I continue to struggle to find the motivation to blog. My malaise bugs me. Rather than dwell on it, this morning I decided to rid myself of it. My plan is simple: find an interesting story and figure out a way to tie it Vermont legal ethics and write about them. Then, do it again a few days later. So, here goes.
Earlier this week, the ABA Journal posted Quinn Emanuel seeks fee amounting to $18,500 per hour; will judge approve it? Quinn Emanuel is a law firm. The firm represented a class of health care insurers that sued the federal government. Bloomberg Law posted the firm’s motion to have its fee approved. The motion’s introductory paragraph sets the stage better than I can:
- “In February 2016, Quinn Emanuel became the first firm in the nation to file a lawsuit on behalf of a Qualified Health Plan issuer against the federal government alleging that the government improperly failed to make risk corridor payments in violation of Section 1342 of the Affordable Care Act. Four years later, following round after round of fierce litigation and a loss at the Federal Circuit, eight justices of the Supreme Court adopted the exact legal theory Quinn Emanuel set forth in the initial Health Republic complaint and which it advocated at every step, including in the parallel cases that eventually made their way to the Supreme Court. The result? An entire industry was able to collect three years’ worth of unpaid risk corridors amounts they had previously been forced to write off as a total loss—approximately $12 billion. Nearly $4 billion of that recovery will go to the class members in these class actions.”
Cutting to the chase, years ago, the firm notified class members that it would ask a court to approve a fee equal to 5% of any recovery. Here, 5% of $3.7 billion is $185 million. Per the ABA Journal, that “translates to a whopping hourly fee of about $18,500.”
It’s not my point today to comment on the Quinn Emanuel case. Rather, I’m using it as click bait to provide a refresher on contingent fee agreements.
Rule 1.5(a) prohibits lawyers from agreeing to, charging, or collecting unreasonable fees and expenses. Contingent fees, and expenses in contingent fee cases, are subject to the rule.
A contingent fee agreement MUST be in a writing that is signed by the client. In Vermont, the failure to reduce a contingent fee in writing has resulted in lawyers being reprimanded and admonished. Tip: do this at the outset of the representation.
In addition, Rule 1.5(c) states that a contingent fee agreement MUST:
- state the method by which the fee is to be determined, including:
- the percentage that will accrue to the lawyer in the event of settlement, trial, or appeal;
- the litigation & other expenses that will be deducted from any recovery; and,
- whether such expenses will be deducted before or after the contingent fee is calculated.
- clearly notify the client of any expenses for which the client will be liable whether or not the client is the prevailing party.
Upon the conclusion of a contingent fee matter, a lawyer:
- MUST provide the client with a written statement showing the outcome of the matter and, if there is a recovery, the remittance to the client and the method by which it was determined.
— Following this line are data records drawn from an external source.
Lemma lann_line x : lann <[x]>%VS = lker (amulr x).
Proof.
apply/vspaceP => a; rewrite memv_ker lfunE /=.
apply/lannP/eqP => [ax0 | ax0 _ /vlineP[c ->]]; first by rewrite ax0 ?memv_line.
by rewrite -scalerAr ax0 scaler0.
Qed.

End Annihilators.

Section MinimalLeftIdeal.
Variables (k : fieldType) (A : falgType k) (n : nat) (I : {vspace A}).
Hypothesis A_simple : forall J : {vspace A}, two_sided_ideal J -> J = 0%VS \/ J = fullv.
Hypothesis dimA : \dim {:A} = (n ^ 2)%N.
Hypothesis I_left : left_ideal I.
Hypothesis dimI : \dim I = n.
Implicit Types (W J : {vspace A}) (a b c x y z : A).

Lemma deg_gt0 : (0 < n)%N.
Proof. by have := FalgType_proper A; rewrite -dimvf dimA; case: n. Qed.

Lemma mulr_memI a x : x \in I -> a * x \in I.
Proof. by move/left_idealP: I_left; apply. Qed.

Lemma limg_amulr_subI U x : x \in I -> (amulr x @: U <= I)%VS.
Proof. by move=> Ix; apply/subvP => _ /memv_imgP[u _ ->]; rewrite lfunE mulr_memI. Qed.

Lemma lannI_eq0 : lann I = 0%VS.
Proof.
have lannI_ideal : two_sided_ideal (lann I).
  apply/andP; split; first exact: lann_left_ideal.
  apply/prodvP => u v /lannP uI0 _; apply/lannP => y Iy.
  by rewrite -mulrA uI0 // mulr_memI.
have [//|lannI_full] := A_simple lannI_ideal.
suff I0 : I = 0%VS by have := deg_gt0; rewrite -dimI I0 dimv0.
apply/vspaceP => y; rewrite memv0; apply/idP/eqP => [Iy | ->]; last exact: mem0v.
have /lannP/(_ y Iy) : 1 \in lann I by rewrite lannI_full memvf.
by rewrite mul1r.
Qed.

Lemma lann_diff_capI W : (W <= I)%VS -> (lann W :&: lann (I :\: W))%VS = 0%VS.
Proof. by move=> WI; rewrite -lannD addvC addv_diff (addv_idPl WI) lannI_eq0. Qed.

(* Each [x] in [s] imposes [a * x = 0], i.e. at most [n] conditions as [a * x] is in [I]. *)
Lemma dim_lann_span (s : seq A) : all (mem I) s ->
  (n ^ 2 <= \dim (lann <<s>>%VS) + n * size s)%N.
Proof.
elim: s => [|x s IHs] /=; first by rewrite span_nil lann0 dimA muln0 addn0.
case/andP => Ix /IHs{}IHs; rewrite span_cons lannD lann_line mulnS.
have := dimv_sum_cap (lker (amulr x)) (lann <<s>>).
have : (\dim (lker (amulr x) + lann <<s>>) <= n ^ 2)%N by rewrite -dimA dimvS ?subvf.
have := limg_ker_dim (amulr x) fullv; rewrite capfv dimA.
have := dimvS (limg_amulr_subI fullv Ix); rewrite dimI.
lia.
Qed.

Lemma dim_lann W : (W <= I)%VS -> (\dim (lann W) + n * \dim W = n ^ 2)%N.
Proof.
have dim_lann_lb V : (V <= I)%VS -> (n ^ 2 <= \dim (lann V) + n * \dim V)%N.
  move=> VI; have := @dim_lann_span (vbasis V).
  rewrite (span_basis (vbasisP V)) size_tuple; apply.
  by apply/allP => x /vbasis_mem; apply: (subvP VI).
move=> WI; have := dim_lann_lb _ WI; have := dim_lann_lb _ (diffvSl I W).
have := dimv_sum_cap (lann W) (lann (I :\: W)); rewrite lann_diff_capI // dimv0.
have : (\dim (lann W + lann (I :\: W)) <= n ^ 2)%N by rewrite -dimA dimvS ?subvf.
have := dimv_cap_compl I W; rewrite (capv_idPr WI) dimI.
nia.
Qed.

Lemma prodfv_line x : x \in I -> x != 0 -> (fullv * <[x]>)%VS = I.
Proof.
move=> Ix x0; have := limg_ker_dim (amulr x) fullv.
have := @dim_lann <[x]>; rewrite -memvE Ix lann_line dim_vline x0 capfv dimA.
move=> /(_ isT) dim_ker dim_ker_img; have dim_img : \dim (amulr x @: fullv) = n by lia.
by rewrite -limg_amulr; apply/eqP; rewrite eqEdim limg_amulr_subI //= dim_img dimI.
Qed.

(* With [I = W + <[x]>], some [p] kills [W] and fixes [x]; then [x * y = p * (x * y)]
   only sees the [<[x]>]-component of [x * y]. *)
Lemma mulI_line x y : x \in I -> y \in I -> x * y \in <[x]>%VS.
Proof.
move=> Ix Iy; have [->|x0] := eqVneq x 0; first by rewrite mul0r mem0v.
set W := (I :\: <[x]>)%VS.
have xI : (<[x]> <= I)%VS by rewrite -memvE.
have IxW : (W + <[x]>)%VS = I by rewrite addv_diff (addv_idPl xI).
have dim_lannW : \dim (lann W) = n.
  have := dim_lann (diffvSl I <[x]>); have := dimv_cap_compl I <[x]>.
  rewrite (capv_idPr xI) dim_vline x0 dimI -/W; nia.
have onto : (amulr x @: lann W)%VS = I.
  apply/eqP; rewrite eqEdim limg_amulr_subI //= limg_dim_eq ?dim_lannW ?dimI //.
  by rewrite -lann_line capvC lann_diff_capI.
have /memv_imgP[p /lannP pW0 px] : x \in (amulr x @: lann W)%VS by rewrite onto.
rewrite lfunE /= in px.
have /memv_addP[w Ww [u /vlineP[c ->] xy]] : x * y \in (W + <[x]>)%VS.
  by rewrite IxW mulr_memI.
by rewrite [in x * y]px -mulrA xy mulrDr pW0 // add0r -scalerAr -px memvZ ?memv_line.
Qed.

Lemma right_unitI : exists2 e, e \in I & forall x, x \in I -> x * e = x.
Proof.
have [x0 Ix0 x0_neq0] : exists2 x0, x0 \in I & x0 != 0.
  exists (vpick I); rewrite ?memv_pick // vpick0 -dimv_eq0 dimI -lt0n.
  exact: deg_gt0.
have /lannPn[y Iy x0y_neq0] : x0 \notin lann I by rewrite lannI_eq0 memv0.
have /vlineP[c x0y] := mulI_line Ix0 Iy.
have c_neq0 : c != 0 by apply: contraNneq x0y_neq0 => c0; rewrite x0y c0 scale0r.
exists (c^-1 *: y); first exact: memvZ.
move=> x; rewrite -(prodfv_line Ix0 x0_neq0) => /memv_cosetP[a _ ->].
by rewrite -mulrA -scalerAr x0y scalerA mulVf // scale1r.
Qed.

Lemma prod_rannI J : (rann J * I)%VS = (rann J :&: I)%VS.
Proof.
have [e Ie eK] := right_unitI.
apply/eqP; rewrite eqEsubv; apply/andP; split.
  apply/prodvP => r x /rannP Jr0 Ix; rewrite memv_cap mulr_memI // andbT.
  by apply/rannP => y Jy; rewrite mulrA Jr0 ?mul0r.
by apply/subvP => x /memv_capP[Jx Ix]; rewrite -(eK x Ix) memv_mul.
Qed.

Definition kerI b := (lker (amull b) :&: I)%VS.

(* For [v] in [I], [z * (c * v)] lies on [<[z]>], which meets [b I] only in [0]. *)
Lemma kerI_addr_mul b c z :
  z \in I -> z \notin (amull b @: I)%VS -> (kerI (b + z * c)%R <= kerI b)%VS.
Proof.
move=> Iz zNbI; apply/subvP => v /memv_capP[]; rewrite memv_ker !lfunE /=.
move=> bzcv0 Iv; rewrite memv_cap memv_ker lfunE Iv andbT /=.
have /vlineP[d zcv] := mulI_line Iz (mulr_memI c Iv).
have bv : b * v = - (d *: z).
  by apply/eqP; rewrite -addr_eq0 -zcv mulrA -mulrDl.
have [d0 | d_neq0] := eqVneq d 0; first by rewrite bv d0 scale0r oppr0.
have : b * v \in (amull b @: I)%VS by have := memv_img (amull b) Iv; rewrite lfunE.
rewrite bv memvN => /(memvZ d^-1); rewrite scalerA mulVf // scale1r => zbI.
by rewrite zbI in zNbI.
Qed.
Lawyers are NOT allowed to agree to, charge, or collect:
- a contingent fee in a criminal case;
- a fee that is contingent upon the securing of a divorce; or,
- a fee that is contingent upon the amount of spousal maintenance or support, or property settlement in lieu thereof, in a domestic relations matter.
However, lawyers may use contingent fees in domestic relations matters that involve the collection of:
- spousal maintenance or support due AFTER a final judgment has been entered; or,
- child support and maintenance arrearages due AFTER a final judgment has been entered, provided that the court approves the reasonableness of the fee agreement.
In other words, contingent fees are okay in some POST-JUDGMENT divorce & custody matters.
Finally, two cautionary tales.
First, in this post, I referenced a case in which a contingent fee agreement called for a firm to receive 40% of any recovery. It also included this provision:
- “Should [Client] refuse to make any settlement which my attorneys advise me is reasonable and should be taken, then I understand that I am responsible for their fee on the basis of that offer, unless they waive this provision.”
Sure enough, the client rejected a settlement offer that the firm advised the client to accept. The firm withdrew and, pursuant to the clause, sought its fee. The Tennessee Supreme Court publicly reprimanded the lawyers, concluding that the settlement provision chilled the client’s right to decide whether to settle.
Second, the failure to reduce to a fee agreement to writing can result in more than a disciplinary sanction. As the ABA Journal reported here – in a case in which the client was Johnny Depp – a contract for attorney’s fees can be voided if not reduced to writing.
I’ve blogged. With that weight lifted, off to do what I never lack the motivation to do: get some miles in on a sunny day. Enjoy the weekend!